**PROBLEM DETAILS**.
In the records below, find the line that contains "hom_indep : forall" and the line that contains "[/\ size a = k, size". Set down exactly those lines and every line between them, and nothing more.

**ENTRIES PROVIDED**.
───
(* Let $(A,d)$ and $(A',d')$ be unital dg-algebras over $\mathbb{R}$, let $l\ge 2$, and let $f_i\in \mathrm{Hom}^0(A[1]^{\otimes i},A'[1])$, $i=1,\dots,l-1$, be linear maps such that $f_1$ is unital, i.e. $f_1(1)=1$, and $f_2,\dots,f_{l-1}$ are normal. Define the multilinear map $\Psi_l[f_1,\dots,f_{l-1}]: A[1]^{\otimes l}\to A'[1]$ by $$\Psi_l[f_1,\ldots,f_{l-1}](a_1,\ldots,a_l)=\sum_{i=1}^{l-1}(-1)^{\bar a_1+\cdots+\bar a_i}f_{l-1}(a_1,\ldots,a_ia_{i+1},\ldots,a_l)-\sum_{i=1}^{l-1}(-1)^{\bar a_1+\cdots+\bar a_i}f_i(a_1,\ldots,a_i)\,f_{l-i}(a_{i+1},\ldots,a_l)$$ for homogeneous $a_1,\dots,a_l$, where products are taken in $A$ resp. $A'$. Then $\Psi_l[f_1,\dots,f_{l-1}]$ is normal.
   Context: For a graded vector space $A=\bigoplus A_n$, the shifted space $A[1]$ has $A[1]_n=A_{n+1}$; for homogeneous $a$ one writes $\bar a=\deg a-1$ for its degree in $A[1]$, where $\deg a$ is its degree in $A$. $\mathrm{Hom}^0$ denotes degree-preserving linear maps. A multilinear map $f: A[1]^{\otimes l}\to A'[1]$ is called normal if $f(a_1,\dots,a_l)=0$ whenever some argument $a_i$ equals the unit $1\in A$. *)

From HB Require Import structures.
From mathcomp Require Import all_boot all_order all_algebra.
From mathcomp Require Export reals.
Set Implicit Arguments. Unset Strict Implicit. Unset Printing Implicit Defensive.
Import Order.TTheory GRing.Theory Num.Theory.
Local Open Scope ring_scope.

(* A unital (associative) Z-graded dg-algebra over a field R:
   the carrier is an algebra A; [hom n a] means "a is homogeneous of degree n". *)
Record dga (R : fieldType) (A : algType R) := DGA {
  hom : int -> pred A;
  hom0 : forall n, hom n 0;
  homD : forall n (c : R) x y, hom n x -> hom n y -> hom n (c *: x + y);
  hom_span : forall a : A, exists (s : seq int) (c : int -> A),
      [/\ uniq s, (forall m, hom m (c m)) & a = \sum_(m <- s) c m];
  hom_indep : forall (s : seq int) (c : int -> A), uniq s ->
      (forall m, hom m (c m)) -> \sum_(m <- s) c m = 0 ->
      forall m, m \in s -> c m = 0;
  hom_one : hom 0 1;
  hom_mul : forall m n a b, hom m a -> hom n b -> hom (m + n) (a * b);
  dif : A -> A;
  dif_lin : forall (c : R) x y, dif (c *: x + y) = c *: dif x + dif y;
  dif_hom : forall n a, hom n a -> hom (n + 1) (dif a);
  dif_sq : forall a, dif (dif a) = 0;
  dif_leib : forall n a b, hom n a ->
      dif (a * b) = dif a * b + ((-1) ^ n) *: (a * dif b)
}.

Section Maps.
Variables (R : fieldType) (A A' : algType R) (GA : dga A) (GA' : dga A').

(* A k-ary map A[1]^{(x)k} -> A'[1] is represented by a function on
   sequences of length k. *)

Definition multilinear (k : nat) (F : seq A -> A') :=
  forall (s t : seq A) (c : R) (x y : A), (size s + size t).+1 = k ->
    F (s ++ (c *: x + y) :: t) = c *: F (s ++ x :: t) + F (s ++ y :: t).

(* homogeneous tuples: a_j has (unshifted) degree n_j *)
Definition homtuple (k : nat) (a : seq A) (n : seq int) :=
  [/\ size a = k, size n = k & forall j, (j < k)%N -> hom GA (nth 0 n j) (nth 0 a j)].

(* degree 0 in the shifted grading: shifted degrees sum, i.e.
   deg' F(a_1..a_k) - 1 = sum_j (deg a_j - 1) *)
Definition preserves_shifted_degree (k : nat) (F : seq A -> A') :=
  forall a n, homtuple k a n ->
    hom GA' ((\sum_(m <- n) (m - 1)) + 1) (F a).

Definition Hom0 (k : nat) (F : seq A -> A') :=
  multilinear k F /\ preserves_shifted_degree k F.

Definition normal (k : nat) (F : seq A -> A') :=
  forall a : seq A, size a = k ->
    (exists2 j, (j < k)%N & nth 0 a j = 1) -> F a = 0.

Definition shsign (n : seq int) (i : nat) : R :=
  (-1) ^ (\sum_(m <- take i n) (m - 1)).

(* Psi_l[f_1,...,f_{l-1}] evaluated on a homogeneous tuple a (degrees n),
   with 0-based indexing: a_i a_{i+1} (1-based) = nth (i-1) a * nth i a. *)
Definition Psi (l : nat) (f : nat -> seq A -> A') (a : seq A) (n : seq int) : A' :=
  \sum_(1 <= i < l)
     shsign n i *: f l.-1 (take i.-1 a ++ (nth 0 a i.-1 * nth 0 a i) :: drop i.+1 a)
  - \sum_(1 <= i < l)
     shsign n i *: (f i (take i a) * f (l - i)%N (drop i a)).

(* Psi_l is normal: it vanishes on every homogeneous l-tuple one of whose
   entries is the unit (Psi_l is the multilinear extension of this formula). *)
Definition Psi_normal (l : nat) (f : nat -> seq A -> A') :=
  forall a n, homtuple l a n ->
    (exists2 j, (j < l)%N & nth 0 a j = 1) -> Psi l f a n = 0.

End Maps.

From Pilot Require Import Defs.
From HB Require Import structures.
From mathcomp Require Import all_boot all_order all_algebra.
From mathcomp Require Import reals.
From mathcomp Require Import zify.
Set Implicit Arguments. Unset Strict Implicit. Unset Printing Implicit Defensive.
Local Open Scope ring_scope.
Import GRing.Theory.

(* Let a_j = 1. Every term of Psi_l that feeds the unit to some f_k with
   k >= 2 vanishes by normality. The surviving terms are the (at most two)
   contraction terms merging a_j with a neighbour, both of which equal
   +- f_(l-1)(a with a_j omitted), and, when a_j is the first or last entry,
   the product term f_1(1) f_(l-1)(...) resp. f_(l-1)(...) f_1(1). As
   deg a_j = 0, i.e. abar_j = -1, the two contraction terms carry opposite
   signs; at an end the single contraction term is cancelled by the product
   term since f_1(1) = 1. *)

Lemma big_nat_supported (V : nmodType) (F : nat -> V) (s : seq nat) m n :
  uniq s -> (forall i, (m <= i < n)%N -> i \notin s -> F i = 0) ->
  \sum_(m <= i < n) F i = \sum_(i <- s | (m <= i < n)%N) F i.
Proof.
move=> s_uniq F_supp; rewrite big_nat_cond (bigID (mem s)) /=.
rewrite [X in _ + X]big1 ?addr0; last by move=> i /andP[/andP[+ _]]; exact: F_supp.
rewrite -big_filter -[RHS]big_filter; apply: perm_big; apply: uniq_perm.
- by apply: filter_uniq; exact: iota_uniq.
- exact: filter_uniq.
move=> i; rewrite !mem_filter mem_iota andbT; case: (i \in s); rewrite ?andbF ?andbT //.
by apply/idP/idP => [/andP[] // | hi]; apply/andP; split => //; lia.
Qed.

Lemma mem_nth_take (T : eqType) (x0 : T) (s : seq T) i j :
  (j < i)%N -> (j < size s)%N -> nth x0 s j \in take i s.
Proof.
by move=> ji js; rewrite -(nth_take x0 ji); apply: mem_nth; rewrite size_take_min; lia.
Qed.

Lemma mem_nth_drop (T : eqType) (x0 : T) (s : seq T) i j :
  (i <= j)%N -> (j < size s)%N -> nth x0 s j \in drop i s.
Proof.
move=> ij js; rewrite -(subnKC ij) -nth_drop; apply: mem_nth.
by rewrite size_drop; lia.
Qed.

(* The paper's (a_1, ..., a_i a_(i+1), ..., a_l), with 0-based entries. *)
Definition contract (T : pzSemiRingType) (s : seq T) (i : nat) :=
  take i.-1 s ++ (s`_i.-1 * s`_i) :: drop i.+1 s.

Section Contract.
Variables (T : pzSemiRingType) (s : seq T).

Lemma size_contract i : (0 < i < size s)%N -> size (contract s i) = (size s).-1.
Proof. by move=> hi; rewrite size_cat /= size_takel ?size_drop; lia. Qed.

Lemma mem_contract i j : (j < size s)%N -> j != i.-1 -> j != i -> s`_j \in contract s i.
Proof.
move=> js /eqP ji1 /eqP ji; rewrite mem_cat inE; case: (ltnP j i.-1) => hj.
  by rewrite mem_nth_take.
by rewrite mem_nth_drop ?orbT //; lia.
Qed.

Lemma contract_unitr j : (0 < j < size s)%N -> s`_j = 1 ->
  contract s j = take j s ++ drop j.+1 s.
Proof.
move=> hj sj1; rewrite /contract sj1 mulr1 -cat_rcons -take_nth; last by lia.
by rewrite prednK //; lia.
Qed.

Lemma contract_unitl j : (j.+1 < size s)%N -> s`_j = 1 ->
  contract s j.+1 = take j s ++ drop j.+1 s.
Proof. by move=> hj sj1; rewrite /contract /= sj1 mul1r -drop_nth. Qed.

End Contract.

Lemma hom_uniq (R : fieldType) (A : algType R) (GA : dga A) m k (x : A) :
  x != 0 -> Defs.hom GA m x -> Defs.hom GA k x -> m = k.
Proof.
move=> x_neq0 hm hk; apply/eqP; apply: contraNT x_neq0 => mk.
pose c i : A := if i == m then x else if i == k then - x else 0.
have hc i : Defs.hom GA i (c i).
  rewrite /c; case: eqP => [-> // | _]; case: eqP => [-> | _]; last exact: hom0.
  by rewrite -scaleN1r -[_ *: x]addr0; apply: homD => //; exact: hom0.
have mk_uniq : uniq [:: m; k] by rewrite /= inE mk.
have := hom_indep mk_uniq hc; rewrite !big_cons big_nil addr0 /c eqxx eq_sym (negbTE mk) eqxx subrr.
by move=> /(_ erefl m (mem_head _ _)); rewrite eqxx => ->.
Qed.

Lemma hom_one_deg (R : fieldType) (A : algType R) (GA : dga A) m :
  Defs.hom GA m 1 -> m = 0.
Proof. by move=> hm; apply: (hom_uniq (oner_neq0 A) hm); exact: hom_one. Qed.

Lemma shsignS (R : fieldType) (n : seq int) i : (i < size n)%N ->
  shsign R n i.+1 = shsign R n i * (-1) ^ (n`_i - 1).
Proof.
move=> hi; rewrite /shsign (take_nth 0 hi) -cats1 big_cat big_seq1 exprzDr //.
exact: unitrN1.
Qed.

Lemma normal_mem (R : fieldType) (A A' : algType R) k (F : seq A -> A') s :
  normal k F -> size s = k -> 1 \in s -> F s = 0.
Proof.
move=> F_normal s_size s1; apply: F_normal => //; exists (index 1 s); last exact: nth_index.
by rewrite -s_size index_mem.
Qed.

Section PsiAtUnit.
Variables (R : fieldType) (A A' : algType R) (l : nat) (f : nat -> seq A -> A').
Hypotheses (l_ge2 : (2 <= l)%N) (f1_unital : f 1%N [:: 1] = 1).
Hypothesis f_normal : forall i, (2 <= i < l)%N -> normal i (f i).
Variables (a : seq A) (n : seq int) (j : nat).
Hypotheses (size_a : size a = l) (size_n : size n = l) (lt_jl : (j < l)%N).
Hypotheses (aj1 : a`_j = 1) (nj0 : n`_j = 0).

Let contraction_term i := shsign R n i *: f l.-1 (contract a i).
Let product_term i := shsign R n i *: (f i (take i a) * f (l - i)%N (drop i a)).
Let omitted := f l.-1 (take j a ++ drop j.+1 a).

Lemma shsign_unit : shsign R n j.+1 = - shsign R n j.
Proof. by rewrite shsignS ?size_n // nj0 sub0r exprN1 invrN1 mulrN1. Qed.

Lemma contraction_term_eq0 i : (1 <= i < l)%N -> i != j -> i != j.+1 ->
  contraction_term i = 0.
Proof.
move=> hi /eqP ij /eqP ij1; rewrite /contraction_term (@normal_mem _ _ _ l.-1) ?scaler0 //.
- by apply: f_normal; lia.
- by rewrite size_contract size_a //; lia.
- by rewrite -aj1 mem_contract ?size_a //; apply/eqP; lia.
Qed.

Lemma contraction_term_unitr : (0 < j)%N -> contraction_term j = shsign R n j *: omitted.
Proof. by move=> j_gt0; rewrite /contraction_term contract_unitr ?size_a ?j_gt0. Qed.

Lemma contraction_term_unitl : (j.+1 < l)%N ->
  contraction_term j.+1 = shsign R n j.+1 *: omitted.
Proof. by move=> hj; rewrite /contraction_term contract_unitl ?size_a. Qed.

Lemma product_term_eq0 i : (1 <= i < l)%N -> (i, j) != (1, 0)%N -> (i, j) != (l.-1, l.-1) ->
  product_term i = 0.
Proof.
rewrite !xpair_eqE => hi not_first not_last; rewrite /product_term; case: (ltnP j i) => hj.
  rewrite (@normal_mem _ _ _ i (f i)) ?mul0r ?scaler0 //.
  - by apply: f_normal; lia.
  - by rewrite size_takel ?size_a //; lia.
  - by rewrite -aj1 mem_nth_take ?size_a.
rewrite (@normal_mem _ _ _ (l - i) (f (l - i)%N) (drop i a)) ?mulr0 ?scaler0 //.
- by apply: f_normal; lia.
- by rewrite size_drop size_a.
- by rewrite -aj1 mem_nth_drop ?size_a.
Qed.

Lemma product_term_first : j = 0%N -> product_term 1 = shsign R n 1 *: omitted.
Proof.
move=> j0; move: aj1 size_a; rewrite /product_term /omitted j0 subn1 /=.
case: a => [|a0 a'] /= a0_1 sa; first lia.
by rewrite take0 a0_1 f1_unital mul1r.
Qed.

Lemma product_term_last : j = l.-1 -> product_term l.-1 = shsign R n l.-1 *: omitted.
Proof.
move=> jl1; rewrite /product_term /omitted -jl1 (drop_nth 0) ?size_a // aj1.
have -> : drop j.+1 a = [::] by apply: drop_oversize; lia.
by rewrite cats0 (_ : l - j = 1)%N ?f1_unital ?mulr1 //; lia.
Qed.

Lemma Psi_eq0_at_unit : Psi l f a n = 0.
Proof.
have -> : Psi l f a n = \sum_(1 <= i < l) contraction_term i - \sum_(1 <= i < l) product_term i.
  by [].
have contraction_supp i : (1 <= i < l)%N -> i \notin [:: j; j.+1] -> contraction_term i = 0.
  by rewrite !inE negb_or => hi /andP[]; exact: contraction_term_eq0.
rewrite (big_nat_supported _ contraction_supp); last by rewrite /= inE; lia.
rewrite !big_cons big_nil addr0.
case: (posnP j) => [j0 | j_gt0].
  rewrite (@big_nat_supported _ _ [:: 1%N]) // => [|i hi]; last first.
    by rewrite inE => ?; apply: product_term_eq0; rewrite // xpair_eqE; lia.
  have j1l : (j.+1 < l)%N by lia.
  rewrite !big_cons big_nil addr0 j1l l_ge2 /=.
  by rewrite product_term_first // contraction_term_unitl // j0 subrr.
rewrite lt_jl /=; have [j1l | jl1] : (j.+1 < l)%N \/ j = l.-1 by lia.
  rewrite (@big_nat_supported _ _ [::]) ?big_nil // => [|i hi _]; last first.
    by apply: product_term_eq0; rewrite // xpair_eqE; lia.
  by rewrite j1l subr0 contraction_term_unitr // contraction_term_unitl // shsign_unit scaleNr subrr.
rewrite (@big_nat_supported _ _ [:: l.-1]) // => [|i hi]; last first.
  by rewrite inE => ?; apply: product_term_eq0; rewrite // xpair_eqE; lia.
have -> : (j.+1 < l)%N = false by lia.
rewrite big_cons big_nil /= (_ : (0 < l.-1 < l)%N); last by lia.
by rewrite product_term_last // -jl1 contraction_term_unitr // !addr0 subrr.
Qed.

End PsiAtUnit.

Theorem proposition2 (R : realType) (A A' : algType R)
  (GA : dga A) (GA' : dga A') (l : nat) (hl : (2 <= l)%N)
  (f : nat -> seq A -> A')
  (hHom : forall i, (1 <= i < l)%N -> Hom0 GA GA' i (f i))
  (hunit : f 1%N [:: 1] = 1)
  (hnormal : forall i, (2 <= i < l)%N -> normal i (f i)) :
  Psi_normal GA l f.
Proof.
move=> a n [size_a size_n a_hom] [j lt_jl aj1].
apply: (Psi_eq0_at_unit hl hunit hnormal size_a size_n lt_jl aj1).
by apply: (@hom_one_deg _ _ GA); rewrite -aj1; apply: a_hom.
Qed.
───
**TASK RESPONSE**.
  hom_indep : forall (s : seq int) (c : int -> A), uniq s ->
      (forall m, hom m (c m)) -> \sum_(m <- s) c m = 0 ->
      forall m, m \in s -> c m = 0;
  hom_one : hom 0 1;
  hom_mul : forall m n a b, hom m a -> hom n b -> hom (m + n) (a * b);
  dif : A -> A;
  dif_lin : forall (c : R) x y, dif (c *: x + y) = c *: dif x + dif y;
  dif_hom : forall n a, hom n a -> hom (n + 1) (dif a);
  dif_sq : forall a, dif (dif a) = 0;
  dif_leib : forall n a b, hom n a ->
      dif (a * b) = dif a * b + ((-1) ^ n) *: (a * dif b)
}.

Section Maps.
Variables (R : fieldType) (A A' : algType R) (GA : dga A) (GA' : dga A').

(* A k-ary map A[1]^{(x)k} -> A'[1] is represented by a function on
   sequences of length k. *)

Definition multilinear (k : nat) (F : seq A -> A') :=
  forall (s t : seq A) (c : R) (x y : A), (size s + size t).+1 = k ->
    F (s ++ (c *: x + y) :: t) = c *: F (s ++ x :: t) + F (s ++ y :: t).

(* homogeneous tuples: a_j has (unshifted) degree n_j *)
Definition homtuple (k : nat) (a : seq A) (n : seq int) :=
  [/\ size a = k, size n = k & forall j, (j < k)%N -> hom GA (nth 0 n j) (nth 0 a j)].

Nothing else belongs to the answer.